The range starts at the line containing "feasible (pathlift_edges E M.+1) A r." and ends at the last line of the records below. Reproduce those lines exactly.

──────── Data extract

Section Certificate.
Variables (M : nat) (r : R) (Q : V -> 'M[R]_n).
Hypothesis r_gt0 : 0 < r.
Hypothesis Q_sym_posdef : forall v, (Q v)^T = Q v /\ posdef (Q v).
Hypothesis Q_edge : forall v w s, (v, w, s) \in prodlift_edges E M.+2 ->
  psd ((r ^+ M.+2) ^+ 2 *: Q v - (prodlift_mx A s)^T *m Q w *m prodlift_mx A s).

Let c := (r ^+ 2)^-1.
Let P v := invmx (Q v).

Let c_gt0 : 0 < c. Proof. by rewrite invr_gt0 exprn_gt0. Qed.
Let cV_gt0 : 0 < c^-1. Proof. by rewrite invr_gt0. Qed.
Let P_sym v : (P v)^T = P v. Proof. by apply: trmx_invmx_sym; case: (Q_sym_posdef v). Qed.
Let P_posdef v : posdef (P v). Proof. by case: (Q_sym_posdef v); apply: posdef_invmx. Qed.

Lemma prodlift_dual s e : size s = M.+1 -> is_path E (rcons s e) ->
  psd (P e.1.2 - c ^+ M.+2 *:
    (path_mx A (rcons s e) *m P (path_start e.1.1 s) *m (path_mx A (rcons s e))^T)).
Proof.
case: s => [//|x s1] sK se_path.
have sizeT : size (rcons (x :: s1) e) == M.+2 by rewrite size_rcons sK.
pose t := Tuple sizeT.
have t_edge : (x.1.1, e.1.2, map_tuple (fun e => e.2) t) \in prodlift_edges E M.+2.
  by rewrite inE; apply/existsP; exists t; rewrite /= se_path /= last_rcons !eqxx.
have [[sQw pQw] [sQv pQv]] := (Q_sym_posdef e.1.2, Q_sym_posdef x.1.1).
have rho_gt0 : 0 < (r ^+ M.+2) ^+ 2 by rewrite !exprn_gt0.
have := psd_dual sQw pQw _ (posdefZ rho_gt0 pQv) (Q_edge t_edge).
rewrite linearZ /= sQv => /(_ erefl).
rewrite invmxZ ?unitmxZ ?unitfE ?gt_eqF ?posdef_unitmx // -scalemxAr -scalemxAl.
by rewrite /c -exprM mulnC exprM exprVn.
Qed.

(* A node is a path of length [M.+1]; its first edge only serves as the
   default of [path_end]. *)
Definition pathlift_cert (p : pnode E M.+1) : 'M[R]_n :=
  invmx (suffix_sum A P c M.+1 (thead (val p)) (val (val p))).

Lemma pathlift_cert_sym_posdef p :
  (pathlift_cert p)^T = pathlift_cert p /\ posdef (pathlift_cert p).
Proof.
have sym := suffix_sum_sym A c P_sym M.+1 (thead (val p)) (val (val p)).
split; first exact: trmx_invmx_sym.
by apply: posdef_invmx => //; apply: suffix_sum_posdef; rewrite ?size_tuple.
Qed.

Lemma pathlift_cert_edge (p p' : pnode E M.+1) e :
  is_path E (rcons (val (val p)) e) -> val (val p') = behead (rcons (val (val p)) e) ->
  psd (r ^+ 2 *: pathlift_cert p - (A e.2)^T *m pathlift_cert p' *m A e.2).
Proof.
rewrite /pathlift_cert; have sK : size (val (val p)) = M.+1 := size_tuple _.
move: (thead (val p)) (thead (val p')) (val (val p)) (val (val p')) sK.
move=> e0 e0' [//|x s] s' sK se_path ->.
have s_end : path_end e0 (x :: s) = e.1.1.
  by case/andP: se_path => _ /=; rewrite rcons_path => /andP[_ /eqP].
have s'_end : path_end e0' (behead (rcons (x :: s) e)) = e.1.2.
  by rewrite /path_end /= last_rcons.
set X := suffix_sum A P c M.+1 e0 (x :: s).
set Y := suffix_sum A P c M.+1 e0' _.
have sX : X^T = X by apply: suffix_sum_sym.
have pX : posdef X by apply: suffix_sum_posdef.
have sY : (c^-1 *: Y)^T = c^-1 *: Y by rewrite linearZ /= suffix_sum_sym.
have pY : posdef (c^-1 *: Y).
  apply: posdefZ => //.
  by apply: suffix_sum_posdef => //; rewrite size_behead size_rcons.
have := psd_dual (B := (A e.2)^T) sX pX sY pY.
rewrite trmxK suffix_sum_shift // => /(_ (psdZ (ltW cV_gt0) (prodlift_dual sK se_path))).
rewrite invmxZ; last by have := posdef_unitmx pY.
have -> : r ^+ 2 *: invmx X - (A e.2)^T *m invmx Y *m A e.2 =
    c^-1 *: (invmx X - (A e.2)^T *m (c^-1^-1 *: invmx Y) *m A e.2).
  rewrite scalerBr -scalemxAr -scalemxAl scalerA divff ?scale1r ?invrK //.
  by rewrite gt_eqF ?exprn_gt0.
exact: psdZ (ltW cV_gt0).
Qed.

End Certificate.

Lemma feasible_pathlift M r : 0 < r ->
  feasible (prodlift_edges E M.+2) (prodlift_mx A (T:=M.+2)) (r ^+ M.+2) ->
  feasible (pathlift_edges E M.+1) A r.
Proof.
move=> r_gt0 [_ [Q [hQ hE]]]; split; first exact: ltW.
exists (pathlift_cert r Q); split; first exact: pathlift_cert_sym_posdef.
move=> p p' s; rewrite inE => /existsP[e /and3P[se_path /eqP s'E /eqP /= <-]].
exact: pathlift_cert_edge.
Qed.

────────────────

▸ **Response to the exercise**
  feasible (pathlift_edges E M.+1) A r.
Proof.
move=> r_gt0 [_ [Q [hQ hE]]]; split; first exact: ltW.
exists (pathlift_cert r Q); split; first exact: pathlift_cert_sym_posdef.
move=> p p' s; rewrite inE => /existsP[e /and3P[se_path /eqP s'E /eqP /= <-]].
exact: pathlift_cert_edge.
Qed.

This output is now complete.